PROMPT: There is a line containing "Variables (A : set (V * R)) (v : V)." in the entries below. Repeat that line and every line after it exactly, and nothing more.

Saved entries:
-------------------------
Section HahnBanach.
Variables (R : realType) (V : lmodType R) (p : V -> R).
Hypothesis p_add : forall x y, p (x + y) <= p x + p y.
Hypothesis p_homog : forall (c : R) x, 0 <= c -> p (c *: x) = c * p x.

(* A linear functional on a subspace, dominated by p, is handled through its graph, so
   that partial extensions are ordered by inclusion as required by Zorn's lemma. *)
Definition dominated_graph (A : set (V * R)) : Prop :=
  [/\ A (0, 0),
      forall x t s, A (x, t) -> A (x, s) -> t = s,
      forall (a : R) x t y s, A (x, t) -> A (y, s) -> A (a *: x + y, a * t + s) &
      forall x t, A (x, t) -> t <= p x].

Lemma dominated_graphZ A (a : R) x t : dominated_graph A -> A (x, t) ->
  A (a *: x, a * t).
Proof. by case=> A00 _ Alin _ Axt; have := Alin a _ _ _ _ Axt A00; rewrite !addr0. Qed.

Lemma dominated_graph_chain A0 (F : set (set (V * R))) :
  F `<=` (fun A => A = set0 \/ A0 `<=` A /\ dominated_graph A) ->
  total_on F subset ->
  let U := \bigcup_(A in F) A in U = set0 \/ A0 `<=` U /\ dominated_graph U.
Proof.
move=> FP Ftot U.
have [[A FA [q Aq]]|] := pselect (exists2 A, F A & exists q, A q); last first.
  move=> Fempty; left; apply/seteqP; split=> q' // [A FA Aq'].
  by apply: Fempty; exists A => //; exists q'.
have good B b : F B -> B b -> A0 `<=` B /\ dominated_graph B.
  by move=> FB Bq; case: (FP _ FB) => // B0; rewrite B0 in Bq.
have common B1 B2 q1 q2 : F B1 -> F B2 -> B1 q1 -> B2 q2 ->
    exists2 B, F B & [/\ dominated_graph B, B q1 & B q2].
  move=> FB1 FB2 Bq1 Bq2; have [B12|B21] := Ftot _ _ FB1 FB2.
  - by exists B2 => //; split; [exact: (good _ _ FB2 Bq2).2 | exact: B12 |].
  - by exists B1 => //; split; [exact: (good _ _ FB1 Bq1).2 | | exact: B21].
have [A0A [A00 _ _ _]] := good _ _ FA Aq.
right; split; first by move=> q' /A0A; exists A.
split.
- by exists A.
- move=> x t s [B1 FB1 B1t] [B2 FB2 B2s].
  by have [B _ [[_ Bfun _ _] Bt Bs]] := common _ _ _ _ FB1 FB2 B1t B2s; exact: Bfun Bt Bs.
- move=> a x t y s [B1 FB1 B1t] [B2 FB2 B2s].
  have [B FB [[_ _ Blin _] Bt Bs]] := common _ _ _ _ FB1 FB2 B1t B2s.
  by exists B => //; exact: Blin.
- by move=> x t [B FB Bt]; have [_ [_ _ _ Bdom]] := good _ _ FB Bt; exact: Bdom.
Qed.

Section OneStepExtension.
Variables (A : set (V * R)) (v : V).
Hypothesis gA : dominated_graph A.
Hypothesis v_undef : forall t, ~ A (v, t).

Let E := [set r | exists u t, A (u, t) /\ r = t - p (u - v)].

Let E_ub w t' : A (w, t') -> ubound E (p (w + v) - t').
Proof.
move=> Awt' _ [u [t [Aut ->]]]; have [_ _ Alin Adom] := gA.
have := Adom _ _ (Alin 1 _ _ _ _ Aut Awt'); rewrite scale1r mul1r.
have := p_add (u - v) (w + v); rewrite addrACA addNr addr0; lra.
Qed.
-------------------------
TASK OUTPUT:
Variables (A : set (V * R)) (v : V).
Hypothesis gA : dominated_graph A.
Hypothesis v_undef : forall t, ~ A (v, t).

Let E := [set r | exists u t, A (u, t) /\ r = t - p (u - v)].

Let E_ub w t' : A (w, t') -> ubound E (p (w + v) - t').
Proof.
move=> Awt' _ [u [t [Aut ->]]]; have [_ _ Alin Adom] := gA.
have := Adom _ _ (Alin 1 _ _ _ _ Aut Awt'); rewrite scale1r mul1r.
have := p_add (u - v) (w + v); rewrite addrACA addNr addr0; lra.
Qed.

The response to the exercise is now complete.